There is a presumption of validity, good faith and correctness of assessment by the County Board of Equalization.  Hermel, Inc. v. STC, 564 S.W.2d 888, 895 (Mo. banc 1978); Chicago, Burlington & Quincy Railroad Co. v. STC, 436 S.W.2d 650, 656 (Mo. 1968); May Department Stores Co. v. STC, 308 S.W.2d 748, 759 (Mo. 1958).   This presumption is a rebuttable rather than a conclusive presumption.  It places the burden of going forward with some substantial evidence on the taxpayer – the complainant.  When some substantial evidence is produced by the complainant, “however slight”, the presumption disappears and the Hearing Officer, as trier of facts, receives the issue free of the presumption. United Missouri Bank of Kansas City v. March, 650 S.W.2d 678, 680-81 (Mo. App. 1983), citing to State ex rel. Christian v. Lawry, 405 S.W.2d 729, 730 (Mo. App. 1966) and cases therein cited.  The presumption is not evidence of value.  The presumption of correct assessment is rebutted when the taxpayer presents substantial and persuasive evidence to establish that the BOE’s valuation is erroneous and what the fair market value should have been placed on the property. Hermel, supra; Cupples-Hesse Corporation v. State Tax Commission, 329 S.W.2d 696, 702 (Mo. 1959).

Complainant’s Burden of Proof

To obtain a reduction in assessed valuation based upon an alleged overvaluation, the Complainant must prove the true value in money of the subject property on the subject tax day.  Hermel, Inc., v. State Tax Commission, 564 S.W.2d 888, 897 (Mo. banc 1978).  True value in money is defined as the price that the subject property would bring when offered for sale by one willing but not obligated to sell it and bought by one willing or desirous to purchase but not compelled to do so.  Rinehart v. Bateman, 363 S.W.3d 357, 365 (Mo. App. W.D. 2012); Cohen v. Bushmeyer, 251 S.W.3d 345, 348 (Mo. App. E.D. 2008); Greene County v. Hermel, Inc., 511 S.W.2d 762, 771 (Mo. 1974).  True value in money is defined in terms of value in exchange and not in terms of value in use.  Stephen & Stephen Properties, Inc. v. State Tax Commission, 499 S.W.2d 798, 801-803 (Mo. 1973).  In sum, true value in money is the fair market value of the subject property on the valuation date.  Hermel, Inc., 564 S.W.2d at 897.
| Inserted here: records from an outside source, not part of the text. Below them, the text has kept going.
Lemma qformV_ext a a' : (forall k, (k < 20)%N -> a k = a' k) -> qformV a = qformV a'.
Proof. by move=> aa'; unfold_forms; rewrite !aa'. Qed.

Lemma bformN_ext d a a' b b' : (forall k, (k < 22)%N -> a k = a' k) ->
  (forall k, (k < 22)%N -> b k = b' k) -> bformN d a b = bformN d a' b'.
Proof.
move=> aa' bb'; rewrite /bformN; have -> : bformV a b = bformV a' b'.
  by apply: bformV_ext => k /ltn_trans lt; [apply: aa'|apply: bb']; apply: lt.
by rewrite !aa' // !bb'.
Qed.

Lemma bN_sym d x y : bN d x y = bN d y x.
Proof. by rewrite !bN_bformN bformNC. Qed.

Lemma gramN_sym d : (gramN d)^T = gramN d.
Proof.
have entry i j : gramN d i j = bN d (delta_mx i 0) (delta_mx j 0).
  by rewrite /bN trmx_delta -rowE -colE !mxE.
by apply/matrixP => i j; rewrite mxE !entry bN_sym.
Qed.

Lemma coordN_col (f : nat -> int) k : (k < 22)%N -> coordN (\col_(j < 22) f j) k = f k.
Proof. by move=> k22; rewrite /coordN mxE inordK. Qed.

Lemma coordN_lin a b (u v : vecN) k : coordN (a *: u + b *: v) k = a * coordN u k + b * coordN v k.
Proof. by rewrite /coordN !mxE. Qed.

Lemma bN_col d (f g : nat -> int) :
  bN d (\col_(k < 22) f k) (\col_(k < 22) g k) = bformN d f g.
Proof. by rewrite bN_bformN; apply: bformN_ext => k k22; rewrite coordN_col. Qed.

Lemma bformN_shift d a b : bformN d a b = bformN 0 a b - (2 * d)%:Z * a 21 * b 21.
Proof. by rewrite /bformN muln0 !mul0r subr0. Qed.

(* An orthogonal basis of N (x) Q: e + f and e - f in both copies of U, eight
   pairwise orthogonal roots of each copy of E_8 (in the basis of simple
   roots), and the two remaining basis vectors. *)
Definition e8_orth_roots : seq (seq int) :=
  [:: [:: 0; 0; 0; 0; 0; 0; 0; 1]; [:: 0; 0; 0; 0; 0; 0; 1; 0];
      [:: 0; 0; 0; 1; 0; 0; 0; 0]; [:: 0; 0; 0; 1; 2; 2; 1; 1];
      [:: 0; 1; 0; 0; 0; 0; 0; 0]; [:: 0; 1; 2; 2; 2; 2; 1; 1];
      [:: 0; 1; 2; 3; 4; 2; 1; 2]; [:: 2; 3; 4; 5; 6; 4; 2; 3]].

Definition obasis (i k : nat) : int :=
  if (i < 4)%N then
    (if k == (i./2).*2 then 1
     else if k == ((i./2).*2).+1 then (if odd i then -1 else 1) else 0)
  else if (i < 12)%N then
    (if (4 <= k < 12)%N then nth 0 (nth [::] e8_orth_roots (i - 4)) (k - 4) else 0)
  else if (i < 20)%N then
    (if (12 <= k < 20)%N then nth 0 (nth [::] e8_orth_roots (i - 12)) (k - 12) else 0)
  else (i == k)%:R.

Lemma obasis_orth_check : all (fun i => all (fun j =>
  (i == j) || (bformN 0 (obasis i) (obasis j) == 0)) (iota 0 22)) (iota 0 22).
Proof. by vm_compute. Qed.

Lemma obasis_aniso_check : all (fun i => bformN 0 (obasis i) (obasis i) != 0) (iota 0 21).
Proof. by vm_compute. Qed.

Lemma obasis_last i : (i < 22)%N -> obasis i 21 = (i == 21)%:R.
Proof.
move=> i22; apply/eqP.
have /allP/(_ i) : all (fun i => obasis i 21 == (i == 21)%:R) (iota 0 22) by [].
by rewrite mem_iota; apply.
Qed.

Definition obN (i : 'I_22) : vecN := \col_(k < 22) obasis i k.

Lemma obN_orth d (i j : 'I_22) : i != j -> bN d (obN i) (obN j) = 0.
Proof.
move=> ij; rewrite bN_col bformN_shift !obasis_last //.
have /allP/(_ i) := obasis_orth_check; rewrite mem_iota add0n ltn_ord => /(_ isT).
move=> /allP/(_ j); rewrite mem_iota add0n ltn_ord val_eqE (negbTE ij) => /(_ isT) /eqP ->.
have last0 : ((i == 21 :> nat) && (j == 21 :> nat)) = false.
  by apply/negbTE; apply: contra ij => /andP[/eqP ei /eqP ej]; apply/eqP/val_inj; rewrite /= ei ej.
by rewrite -mulrA -natrM mulnb last0 mulr0 subr0.
Qed.

Lemma obN_aniso d i : (0 < d)%N -> bN d (obN i) (obN i) != 0.
Proof.
move=> d_gt0; rewrite bN_col bformN_shift obasis_last //.
have [i_lt21|i21] := ltnP i 21.
  have /allP/(_ i) := obasis_aniso_check; rewrite mem_iota add0n i_lt21 => /(_ isT).
  by rewrite (_ : (i == 21 :> nat) = false) ?mulr0 ?subr0 //; apply/negbTE; rewrite neq_ltn i_lt21.
have -> : (i : nat) = 21%N by apply/eqP; rewrite eqn_leq i21 -ltnS ltn_ord.
rewrite (_ : bformN 0 (obasis 21) (obasis 21) = 0) ?sub0r ?oppr_eq0 ?mulr1; last by vm_compute.
by rewrite -[0 : int]/(Posz 0%N) eqz_nat muln_eq0 -lt0n d_gt0.
Qed.

(* Rows of the inverse of the Gram matrix of E_8.  As U^2 + E_8^2 is
   unimodular, its coordinate functionals are represented by vectors of N. *)
Definition e8_gram_inv : seq (seq int) :=
  [:: [:: -2; -3; -4; -5; -6; -4; -2; -3]; [:: -3; -6; -8; -10; -12; -8; -4; -6];
      [:: -4; -8; -12; -15; -18; -12; -6; -9]; [:: -5; -10; -15; -20; -24; -16; -8; -12];
      [:: -6; -12; -18; -24; -30; -20; -10; -15]; [:: -4; -8; -12; -16; -20; -14; -7; -10];
      [:: -2; -4; -6; -8; -10; -7; -4; -5]; [:: -3; -6; -9; -12; -15; -10; -5; -8]].

Definition dual (k j : nat) : int :=
  if (k < 4)%N then (j == (if odd k then k.-1 else k.+1))%:R
  else if (k < 12)%N then
    (if (4 <= j < 12)%N then nth 0 (nth [::] e8_gram_inv (j - 4)) (k - 4) else 0)
  else if (12 <= j < 20)%N then nth 0 (nth [::] e8_gram_inv (j - 12)) (k - 12) else 0.

Lemma bformN_dual d a k : (k < 20)%N -> bformN d a (dual k) = a k.
Proof.
move=> k20.
by do 20 (case: k k20 => [|k] k20; first by unfold_forms; rewrite /dual /=; ring).
Qed.

Lemma bN_dual d u k : (k < 20)%N -> bN d u (\col_(j < 22) dual k j) = coordN u k.
Proof.
move=> k20; rewrite bN_bformN -(bformN_dual d (coordN u) k20).
by apply: bformN_ext => // j j22; rewrite coordN_col.
Qed.

Lemma bil_gramR (R : realType) d (x y : vecN) :
  bil (gramR R d) (map_mx intr x) (map_mx intr y) = (bN d x y)%:~R.
Proof. by rewrite /bil /gramR map_trmx -!map_mxM mxE. Qed.

Lemma isom_N_prod_refl (R : realType) d g : (0 < d)%N -> isom_N d g ->
  exists s, all (fun v => qR d v != 0) s /\ map_mx intr g = prod_refl (gramR R d) s.
Proof.
move=> d_gt0 [_ g_iso]; apply: (@cartan_dieudonne _ _ _ _ _ (fun i => map_mx intr (obN i))).
- by rewrite /gramR map_trmx gramN_sym.
- by rewrite pnatr_eq0.
- by move=> i j ij; rewrite bil_gramR obN_orth.
- by move=> i; rewrite bil_gramR intr_eq0 obN_aniso.
- by rewrite /iso /gramR map_trmx -!map_mxM g_iso.
Qed.

(* For isotropic a and b the [qformN] and [bformN] terms vanish, leaving only
   the unimodular part, i.e. the first twenty coordinates. *)
Lemma minor_sqr (d : nat) (a b : nat -> int) : (a 20 * b 21 - a 21 * b 20) ^+ 2 =
  b 21 ^+ 2 * (qformV a - qformN d a) + a 21 ^+ 2 * (qformV b - qformN d b)
  - a 21 * b 21 * (bformV a b - bformN d a b).
Proof. rewrite /qformN /bformN; ring. Qed.

Section ScaledForms.
Variables (c : int) (a b : nat -> int).
Hypotheses (c_a : forall k, (k < 20)%N -> (c %| a k)%Z)
  (c_b : forall k, (k < 20)%N -> (c %| b k)%Z).

Lemma dvdz_bformV : (c ^+ 2 %| bformV a b)%Z.
Proof.
rewrite (@bformV_ext a (fun k => c * (a k %/ c)%Z) b (fun k => c * (b k %/ c)%Z));
  last 2 first; try by move=> k k20; rewrite mulrC divzK // ?c_a ?c_b.
have -> : bformV (fun k => c * (a k %/ c)%Z) (fun k => c * (b k %/ c)%Z) =
  c ^+ 2 * bformV (fun k => (a k %/ c)%Z) (fun k => (b k %/ c)%Z) by unfold_forms; ring.
exact: dvdz_mulr.
Qed.

Lemma dvdz_qformV : (c ^+ 2 %| qformV a)%Z.
Proof.
rewrite (@qformV_ext a (fun k => c * (a k %/ c)%Z)); last first.
  by move=> k k20; rewrite mulrC divzK // c_a.
have -> : qformV (fun k => c * (a k %/ c)%Z) = c ^+ 2 * qformV (fun k => (a k %/ c)%Z).
  by unfold_forms; ring.
exact: dvdz_mulr.
Qed.

End ScaledForms.

Lemma dvdz_minor (c : int) d a b :
  (forall k, (k < 20)%N -> (c %| a k)%Z) -> (forall k, (k < 20)%N -> (c %| b k)%Z) ->
  bformN d a a = 0 -> bformN d b b = 0 -> bformN d a b = 0 ->
  (c %| a 20%N * b 21%N - a 21%N * b 20%N)%Z.
Proof.
move=> c_a c_b aa bb ab.
have q0 x : bformN d x x = 0 -> qformN d x = 0.
  by rewrite bformN_diag => /eqP; rewrite mulf_eq0 /= => /eqP.
rewrite -(@dvdz_pexp2r _ _ 2) // (minor_sqr d) q0 // q0 // ab !subr0.
by rewrite rpredB ?rpredD // dvdz_mull // (dvdz_qformV, dvdz_bformV).
Qed.

Lemma singular_mod_prime_kernel (p : nat) A B C E : prime p ->
  (p %| A * E - B * C)%Z -> exists x y : int,
    [/\ ~~ ((p %| x)%Z && (p %| y)%Z), (p %| x * A + y * C)%Z & (p %| x * B + y * E)%Z].
Proof.
move=> p_pr det_p.
have p_n1 : ~~ (p %| 1)%Z by rewrite dvdz1 /=; case: eqP p_pr => // ->.
case EB: ((p %| E)%Z && (p %| B)%Z); last first.
  exists E, (- B); split; first by rewrite rpredN EB.
    by have -> : E * A + - B * C = A * E - B * C by ring.
  by have -> : E * B + - B * E = 0 by ring.
case CA: ((p %| C)%Z && (p %| A)%Z); last first.
  exists C, (- A); split; first by rewrite rpredN CA.
    by have -> : C * A + - A * C = 0 by ring.
  have -> : C * B + - A * E = - (A * E - B * C) by ring.
  by rewrite rpredN.
exists 1, 0; split; first by rewrite (negbTE p_n1).
  by case/andP: CA => _ p_A; rewrite mul1r mul0r addr0.
by case/andP: EB => _ p_B; rewrite mul1r mul0r addr0.
Qed.

Lemma dvdz_mulmxl (c : int) m n p (A : 'M[int]_(m, n)) (B : 'M[int]_(n, p)) :
  (forall i j, (c %| A i j)%Z) -> forall i j, (c %| (A *m B) i j)%Z.
Proof. by move=> c_A i j; rewrite mxE; apply: rpred_sum => k _; apply: dvdz_mulr. Qed.

Lemma dvdz_mulmxr (c : int) m n p (A : 'M[int]_(m, n)) (B : 'M[int]_(n, p)) :
  (forall i j, (c %| B i j)%Z) -> forall i j, (c %| (A *m B) i j)%Z.
Proof. by move=> c_B i j; rewrite mxE; apply: rpred_sum => k _; apply: dvdz_mull. Qed.
(* Let $p\in[1,\infty)$, $w$ a weight sequence, and let $A\subset L_{p,w}$ be such that for every $\varepsilon>0$ there is $n\in\mathbb{N}$ with $\|a\|_{p,w}^p-S_n(a)<\varepsilon$ for all $a\in A$; for $\varepsilon>0$ let $n(\varepsilon)$ denote the least such $n$. If there exists $m\in\mathbb{N}$ such that $n(\varepsilon)\le m$ for all $\varepsilon>0$, then $A-A=\{a-b:a,b\in A\}$ is equinormed with respect to $\{\|\cdot\|_{p,w,i}\}_{i\in\mathbb{N}}$.
   Context: A weight sequence is a sequence $w=(w_i)$ of positive reals with $w_1=1\ge w_2\ge\dots$, $w_i\to0$, and $\sum_i w_i=+\infty$. For a real sequence $a$, $\|a\|_{p,w}=\sup_{\sigma}\big(\sum_{i=1}^\infty |a_{\sigma_i}|^p w_i\big)^{1/p}$ over all permutations $\sigma$ of $\mathbb{N}$, and $L_{p,w}$ is the set of real sequences with finite $\|\cdot\|_{p,w}$. For $i\in\mathbb{N}$, $\|a\|_{p,w,i}=\|(a_1,\dots,a_i,0,0,\dots)\|_{p,w}$ and $S_i(a)=\|a\|_{p,w,i}^p$. A set $B\subset L_{p,w}$ is equinormed if $\forall\varepsilon>0\ \exists i\ \forall x\in B:\ \|x\|_{p,w}\le\|x\|_{p,w,i}+\varepsilon$. *)

(* Sequences are indexed from 0: a 0 is a_1 of the paper. *)
From mathcomp Require Import all_boot all_order all_algebra.
From mathcomp Require Import all_classical all_reals all_analysis.
Set Implicit Arguments. Unset Strict Implicit. Unset Printing Implicit Defensive.
Import Order.TTheory GRing.Theory Num.Theory.
Local Open Scope ring_scope.
Local Open Scope classical_set_scope.

Definition weight_seq (R : realType) (w : nat -> R) : Prop :=
  [/\ w 0%N = 1,
      (forall i, 0 < w i),
      (forall i, w i.+1 <= w i),
      w n @[n --> \oo] --> (0 : R^o)
    & (\sum_(0 <= i <oo) (w i)%:E = +oo)%E].

Definition lpw_pow (R : realType) (p : R) (w : nat -> R) (a : nat -> R) : \bar R :=
  ereal_sup [set s | exists sigma : nat -> nat, bijective sigma /\
     s = (\sum_(0 <= i <oo) ((`|a (sigma i)| `^ p * w i)%:E))%E].

Definition lpw_norm (R : realType) (p : R) (w : nat -> R) (a : nat -> R) : \bar R :=
  poweR (lpw_pow p w a) p^-1.

Definition trunc (R : realType) (i : nat) (a : nat -> R) : nat -> R :=
  fun k => if (k < i)%N then a k else 0.

Definition lpw_norm_i (R : realType) (p : R) (w : nat -> R) (i : nat) (a : nat -> R) : \bar R :=
  lpw_norm p w (trunc i a).

Definition S_ (R : realType) (p : R) (w : nat -> R) (i : nat) (a : nat -> R) : \bar R :=
  lpw_pow p w (trunc i a).

Definition in_Lpw (R : realType) (p : R) (w : nat -> R) (a : nat -> R) : Prop :=
  (lpw_pow p w a < +oo)%E.

Definition equinormed (R : realType) (p : R) (w : nat -> R) (B : set (nat -> R)) : Prop :=
  forall eps : R, 0 < eps -> exists i : nat, forall x, B x ->
    (lpw_norm p w x <= lpw_norm_i p w i x + eps%:E)%E.

Definition diffset (R : realType) (A : set (nat -> R)) : set (nat -> R) :=
  [set x | exists a b, A a /\ A b /\ x = (fun k => a k - b k)].

From mathcomp Require Import all_boot all_order all_algebra.
From mathcomp Require Import all_classical all_reals all_analysis.
Import Order.TTheory GRing.Theory Num.Theory.
Local Open Scope ring_scope.
Local Open Scope classical_set_scope.

(* Every a in A vanishes from index m on.  Indeed, n(eps) <= m and S_n <= S_m
   give ||a||^p - S_m(a) < eps for every eps > 0, so ||a||^p = S_m(a).  On the
   other hand a nonzero entry a_k with k >= m can always be placed, by a
   permutation, at a position j <= m that a given rearrangement of the
   truncation leaves empty, so that ||a||^p >= S_m(a) + |a_k|^p w_m.  Hence the
   differences a - b of elements of A vanish from m on as well, coincide with
   their m-th truncations, and A - A is equinormed with i = m. *)

Lemma injective_nat_ge [s : nat -> nat] m : injective s ->
  exists2 j, (j <= m)%N & (m <= s j)%N.
Proof.
move=> s_inj.
have /existsP[j m_le_sj] : [exists j : 'I_m.+1, m <= s j]%N.
  apply/existsPn => /= small.
  have lt_m (j : 'I_m.+1) : (s j < m)%N by rewrite ltnNge small.
  have f_inj : injective (fun j => Ordinal (lt_m j)).
    by move=> i k /(congr1 val) /s_inj /val_inj.
  by have := leq_card _ f_inj; rewrite !card_ord ltnn.
by exists j; rewrite // -ltnS.
Qed.

Lemma ex_le_of_least_le [P : nat -> Prop] [m : nat] : (exists n, P n) ->
  (forall n, P n -> (forall k, P k -> (n <= k)%N) -> (n <= m)%N) ->
  exists2 n, (n <= m)%N & P n.
Proof.
move=> exP least_le.
have exPb : exists n, `[< P n >] by have [n Pn] := exP; exists n; exact/asboolP.
case: (ex_minnP exPb) => n /asboolP Pn n_min.
by exists n => //; apply: least_le => // k Pk; apply/n_min/asboolP.
Qed.

Definition swapn (j l i : nat) : nat := if i == j then l else if i == l then j else i.

Lemma swapnK j l : involutive (swapn j l).
Proof.
move=> i; rewrite /swapn; case: (eqVneq i j) => [->|ij].
  by rewrite eqxx; case: (eqVneq l j) => [->|]; rewrite ?eqxx.
case: (eqVneq i l) => [->|il]; first by rewrite eqxx.
by rewrite (negbTE ij) (negbTE il).
Qed.

Lemma nneseries_le_bump [R : realType] [f g : nat -> \bar R] [c : \bar R] j :
  (forall i, 0 <= f i)%E -> (0 <= c)%E ->
  (forall i, i != j -> f i <= g i)%E -> (f j + c <= g j)%E ->
  (\sum_(0 <= i <oo) f i + c <= \sum_(0 <= i <oo) g i)%E.
Proof.
move=> f_ge0 c_ge0 fg fg_j.
pose h i := if i == j then c else 0%E.
have h_ge0 i : (0 <= h i)%E by rewrite /h; case: ifP.
have c_le_h : (c <= \sum_(0 <= i <oo) h i)%E.
  apply: le_trans (nneseries_lim_ge j.+1 (fun i _ _ => h_ge0 i)).
  rewrite big_nat_recr //= big1_seq ?add0e /h ?eqxx // => i.
  by rewrite mem_index_iota => /andP[_ /ltn_eqF ->].
apply: le_trans (leeD2l _ c_le_h) _.
rewrite -nneseriesD //; apply: lee_nneseries => [i _ _|i _].
  exact: adde_ge0.
by rewrite /h; case: (eqVneq i j) => [->|/fg]; rewrite ?adde0.
Qed.

Lemma trunc_ge {R : realType} m k (a : nat -> R) : (m <= k)%N -> trunc m a k = 0.
Proof. by rewrite /trunc ltnNge => ->. Qed.

Lemma normr_trunc_le {R : realType} m k (a : nat -> R) : `|trunc m a k| <= `|a k|.
Proof. by rewrite /trunc; case: ifP; rewrite ?normr0. Qed.

Lemma truncB {R : realType} m (a b : nat -> R) :
  trunc m (fun k => a k - b k) = (fun k => trunc m a k - trunc m b k).
Proof. by apply: funext => k; rewrite /trunc; case: ifP; rewrite ?subr0. Qed.

Section LpwPow.
Context {R : realType} {p : R} {w : nat -> R}.
Hypothesis w_ge0 : forall i, 0 <= w i.

Local Notation term x i := ((`|x : R| `^ p * w i)%:E).

Lemma term_ge0 x i : (0 <= term x i)%E.
Proof. by rewrite lee_fin mulr_ge0 ?powR_ge0. Qed.

Lemma lpw_pow_ge0 a : (0 <= lpw_pow p w a)%E.
Proof.
apply: le_ereal_sup_tmp; exists (\sum_(0 <= i <oo) term (a i) i)%E.
  by exists id; split => //; exact: (@inv_bij _ id).
by apply: nneseries_ge0 => i _ _; exact: term_ge0.
Qed.

Hypothesis p_ge0 : 0 <= p.

Lemma le_term x y i : `|x| <= `|y| -> (term x i <= term y i)%E.
Proof. by move=> xy; rewrite lee_fin ler_wpM2r // ge0_ler_powR ?nnegrE. Qed.

Lemma le_lpw_pow a b : (forall k, `|b k| <= `|a k|) ->
  (lpw_pow p w b <= lpw_pow p w a)%E.
Proof.
move=> ba; apply/ereal_supP => _ [s [s_bij ->]].
apply: le_ereal_sup_tmp; exists (\sum_(0 <= i <oo) term (a (s i)) i)%E.
  by exists s.
by apply: lee_nneseries => [i _ _|i _]; [exact: term_ge0 | exact: le_term].
Qed.

Lemma S_le_lpw_pow m a : (S_ p w m a <= lpw_pow p w a)%E.
Proof. by apply: le_lpw_pow => k; exact: normr_trunc_le. Qed.

Lemma S_nondecreasing n m a : (n <= m)%N -> (S_ p w n a <= S_ p w m a)%E.
Proof.
move=> nm; apply: le_lpw_pow => k; rewrite /trunc.
by case: ifP => [kn|_]; rewrite ?(leq_trans kn nm) ?normr0.
Qed.

Lemma fin_num_S m a : in_Lpw p w a -> S_ p w m a \is a fin_num.
Proof.
move=> a_Lpw; rewrite ge0_fin_numE; last exact: lpw_pow_ge0.
exact: le_lt_trans (S_le_lpw_pow m a) a_Lpw.
Qed.

Hypothesis p_neq0 : p != 0.
Hypothesis w_noninc : forall i, w i.+1 <= w i.

(* The rearrangement s \o swapn j (s^-1 k) moves a_k to a position j <= m that
   the rearrangement s of the m-th truncation leaves empty. *)
Lemma series_trunc_add_term_le a s m k : (m <= k)%N -> bijective s ->
  (\sum_(0 <= i <oo) term (trunc m a (s i)) i + term (a k) m <= lpw_pow p w a)%E.
Proof.
move=> mk s_bij; have [j jm mj] := injective_nat_ge m (bij_inj s_bij).
case: (s_bij) => g sK gK; pose t := swapn j (g k).
apply: le_ereal_sup_tmp; exists (\sum_(0 <= i <oo) term (a (s (t i))) i)%E.
  by exists (s \o t); split => //; apply: bij_comp => //; exact: inv_bij (swapnK _ _).
apply: (nneseries_le_bump j) => [i||i ij|]; rewrite ?term_ge0 //.
  rewrite /t /swapn (negbTE ij); case: (eqVneq i (g k)) => [->|_].
    by rewrite gK trunc_ge // normr0 powR0 // mul0r term_ge0.
  exact/le_term/normr_trunc_le.
rewrite /t /swapn eqxx gK trunc_ge // normr0 powR0 // mul0r add0e.
by rewrite lee_fin ler_wpM2l ?powR_ge0 // (nonincreasing_seqP w).1.
Qed.

Lemma S_add_term_le_lpw_pow a [m k : nat] : (m <= k)%N ->
  (S_ p w m a + term (a k) m <= lpw_pow p w a)%E.
Proof.
move=> mk; case La: (lpw_pow p w a) => [r| |]; first last.
- by have := lpw_pow_ge0 a; rewrite La.
- exact: leey.
rewrite -leeBrDr //; apply/ereal_supP => _ [s [s_bij ->]].
by rewrite leeBrDr // -La; exact: series_trunc_add_term_le.
Qed.

Hypothesis w_gt0 : forall i, 0 < w i.

Lemma trunc_id_of_lpw_pow_le_S [a : nat -> R] [m : nat] : in_Lpw p w a ->
  (lpw_pow p w a <= S_ p w m a)%E -> trunc m a = a.
Proof.
move=> a_Lpw a_le_S; apply: funext => k; rewrite /trunc; case: ltnP => // mk.
have := le_trans (S_add_term_le_lpw_pow a mk) a_le_S.
rewrite -[leRHS]adde0 leeD2lE ?fin_num_S // lee_fin pmulr_lle0 // => pow_le0.
apply/esym/eqP; have := powR_eq0 `|a k| p; rewrite p_neq0 andbT normr_eq0 => <-.
by rewrite eq_le pow_le0 powR_ge0.
Qed.

Lemma lpw_pow_le_S_of_small_tails [a : nat -> R] [m : nat] : in_Lpw p w a ->
  (forall eps, 0 < eps ->
     exists2 n, (n <= m)%N & (lpw_pow p w a - S_ p w n a < eps%:E)%E) ->
  (lpw_pow p w a <= S_ p w m a)%E.
Proof.
move=> a_Lpw tail_small; apply/lee_addgt0Pr => eps eps_gt0.
have [n nm] := tail_small eps eps_gt0.
rewrite lteBlDr ?fin_num_S // => /ltW /le_trans; apply.
by rewrite addeC; apply: leeD2r; exact: S_nondecreasing.
Qed.

End LpwPow.

Lemma equinormed_of_trunc_id {R : realType} [p : R] [w : nat -> R]
    [B : set (nat -> R)] i :
  (forall x, B x -> trunc i x = x) -> equinormed p w B.
Proof.
move=> B_trunc eps eps_gt0; exists i => x Bx.
by rewrite /lpw_norm_i B_trunc // leeDl // lee_fin ltW.
Qed.

Theorem mainTheorem8 (R : realType) (p : R) (w : nat -> R) (A : set (nat -> R)) :
  1 <= p ->
  weight_seq w ->
  (forall a, A a -> in_Lpw p w a) ->
  (* for every eps > 0 there is n with ||a||^p - S_n(a) < eps for all a in A *)
  (forall eps : R, 0 < eps -> exists n : nat, forall a, A a ->
     (lpw_pow p w a - S_ p w n a < eps%:E)%E) ->
  (* the least such n, n(eps), is bounded by some m uniformly in eps *)
  (exists m : nat, forall eps : R, 0 < eps -> forall n : nat,
     (forall a, A a -> (lpw_pow p w a - S_ p w n a < eps%:E)%E) ->
     (forall k : nat, (forall a, A a -> (lpw_pow p w a - S_ p w k a < eps%:E)%E) ->
        (n <= k)%N) ->
     (n <= m)%N) ->
  equinormed p w (diffset A).
Proof.
move=> p_ge1 [_ w_gt0 w_noninc _ _] A_Lpw tail_small [m least_le].
have p_gt0 : 0 < p by apply: lt_le_trans p_ge1.
have w_ge0 i : 0 <= w i by exact/ltW.
have A_trunc a : A a -> trunc m a = a.
  move=> Aa; have a_Lpw := A_Lpw a Aa.
  apply: (trunc_id_of_lpw_pow_le_S w_ge0 (ltW p_gt0) (lt0r_neq0 p_gt0) w_noninc w_gt0 a_Lpw).
  apply: (lpw_pow_le_S_of_small_tails w_ge0 (ltW p_gt0) a_Lpw) => eps eps_gt0.
  have [n nm tail_n] := ex_le_of_least_le (tail_small eps eps_gt0) (least_le eps eps_gt0).
  by exists n => //; exact: tail_n.
apply: (equinormed_of_trunc_id m) => _ [a [b [Aa [Ab ->]]]].
by rewrite truncB !A_trunc.
Qed.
“’True value’ is never an absolute figure, but is merely an estimate of the fair market value on the valuation date.”  Drury Chesterfield, Inc., v. Muehlheausler, 347 S.W.3d 107, 112 (Mo. App. E.D. 2011), citing St. Joe Minerals Corp. v. State Tax Comm’n of Mo., 854 S.W.2d 526, 529 (Mo. App. E.D. 1993).  “Fair market value typically is defined as the price which the property would bring when offered for sale by a willing seller who is not obligated to sell, and purchased by a willing buyer who is not compelled to buy.”  Drury Chesterfield, Inc., 347 S.W.3d at 112 (quotation omitted).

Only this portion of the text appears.